The fact that WISE AGN may include a significant fraction of obscured AGN could make them suitable to explore environments rich in gas and dust. Accordingly, we have also analysed the relative abundance of galaxies classified according to WISE colours using our environment definition. The resulting fractions of these classes of galaxies as a function of distance to void centres are displayed in Fig. 6. As in Fig. 5, only one bin was taken in void interiors, where it can be seen a significant increase in the fraction of WISE AGN (solid red line) and SF (dashed green line), while a notable decrease is observed in the fraction of passive galaxies in voids (long-dashed blue line).

The results reported in this section show strong evidence of an increase of the relative population of active galaxies and AGN emission power in voids, this result is independent of the AGN classification scheme for 3 different diagnostic diagrams (Figs 4–6). We want to emphasize that these findings are entirely consistent with the already accepted results regarding the preponderance of galaxies with star–forming activity (Figs 4–6) and the low population of passive galaxies (Figs 4 and 6) in voids.

6 AGN ACTIVITY AROUND VOIDS

In this section, we explore the AGN energy release as inferred by the [O iii] emission-line luminosity (L[O iii]). Also, we analyse EW(H α) line values and black hole mass proxies from correlations with the central stellar velocity dispersion. As in previous sections, we have considered separately void, wall, and field regions.

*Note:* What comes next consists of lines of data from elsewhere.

Lemma child_parent_connect v c : child v c -> connect (avoid e c) v r.
Proof. by case/andP => evc ncr; apply: connect_avoid_child => //; apply: econn. Qed.

Lemma neighbor_child v w y : child v w -> e w y -> y != v -> child w y.
Proof.
move=> vw ewy yv; rewrite /child ewy /=; apply/negP => yr.
have wy : w != y by apply: contraTneq ewy => ->; rewrite eirr.
have subw : subrel (avoid e w) (connect (del_edge w y)).
  by apply: avoid_sub_del_edge; rewrite eqxx.
have wv : del_edge w y w v.
  by rewrite /del_edge esym child_edge // eqxx (negbTE wy) /= orbF (eq_sym v) yv.
case/negP: (del_edge_disconnected ewy).
apply: connect_trans (connect1 wv) _.
apply: connect_trans (connect_sub subw (child_parent_connect vw)) _.
by rewrite (sym_connect_sym (@del_edge_sym w y)); apply: connect_sub subw _ _ yr.
Qed.

Lemma root_child c : e r c -> child r c.
Proof.
move=> erc; rewrite /child erc /=; apply: avoid_connectN.
by apply: contraTneq erc => ->; rewrite eirr.
Qed.

Definition subtree (v : T) : {set T} :=
  [set x | (x == v) || ~~ connect (avoid e v) x r].

Lemma subtree_gt0 v : 0 < #|subtree v|.
Proof. by apply/card_gt0P; exists v; rewrite inE eqxx. Qed.

Lemma subtree_child_lt v c : child v c -> #|subtree c| < #|subtree v|.
Proof.
move=> vc; apply: proper_card; apply/properP; split.
  apply/subsetP => x; rewrite !inE => /orP[/eqP ->|ncx]; first by case/andP: vc => _ ->; rewrite orbT.
  have [//|xv] := eqVneq x v; have [xc|xc] := eqVneq x c; first by rewrite xc; case/andP: vc.
  by apply: contra ncx; apply: connect_avoid_switch xc; case/andP: vc.
exists v; first by rewrite inE eqxx.
rewrite inE negb_or child_parent_connect // andbT.
by apply: contraTneq (child_edge vc) => ->; rewrite eirr.
Qed.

6.1 The equivalent width of H α

H α emission is related to the number of massive stars and is a direct measurement of the star formation rate. Nevertheless, besides its dependence on star formation activity, the H α luminosity is also affected by AGN activity. For instance, values of EW(H α) are used in WHAN diagrams to separate strong from weak AGN. Moreover, it is also well known that Syfert galaxies have higher values of EW(H α) than LINERs (Cid Fernandes et al. 2010). Taking into account these issues, we have examined the mean EW(H α) values as a function of the distance to voids for both, active and star–forming galaxies classified according to the WHAN diagnostic diagram. The results are shown in Fig. 7(a). As it can be seen in this figure, EW(H α) values increase in voids for sAGN (dashed red line) while on the contrary, they decrease for wAGN (long-dashed purple line). On the other hand, for SF galaxies, no significant dependence are evident (solid green line).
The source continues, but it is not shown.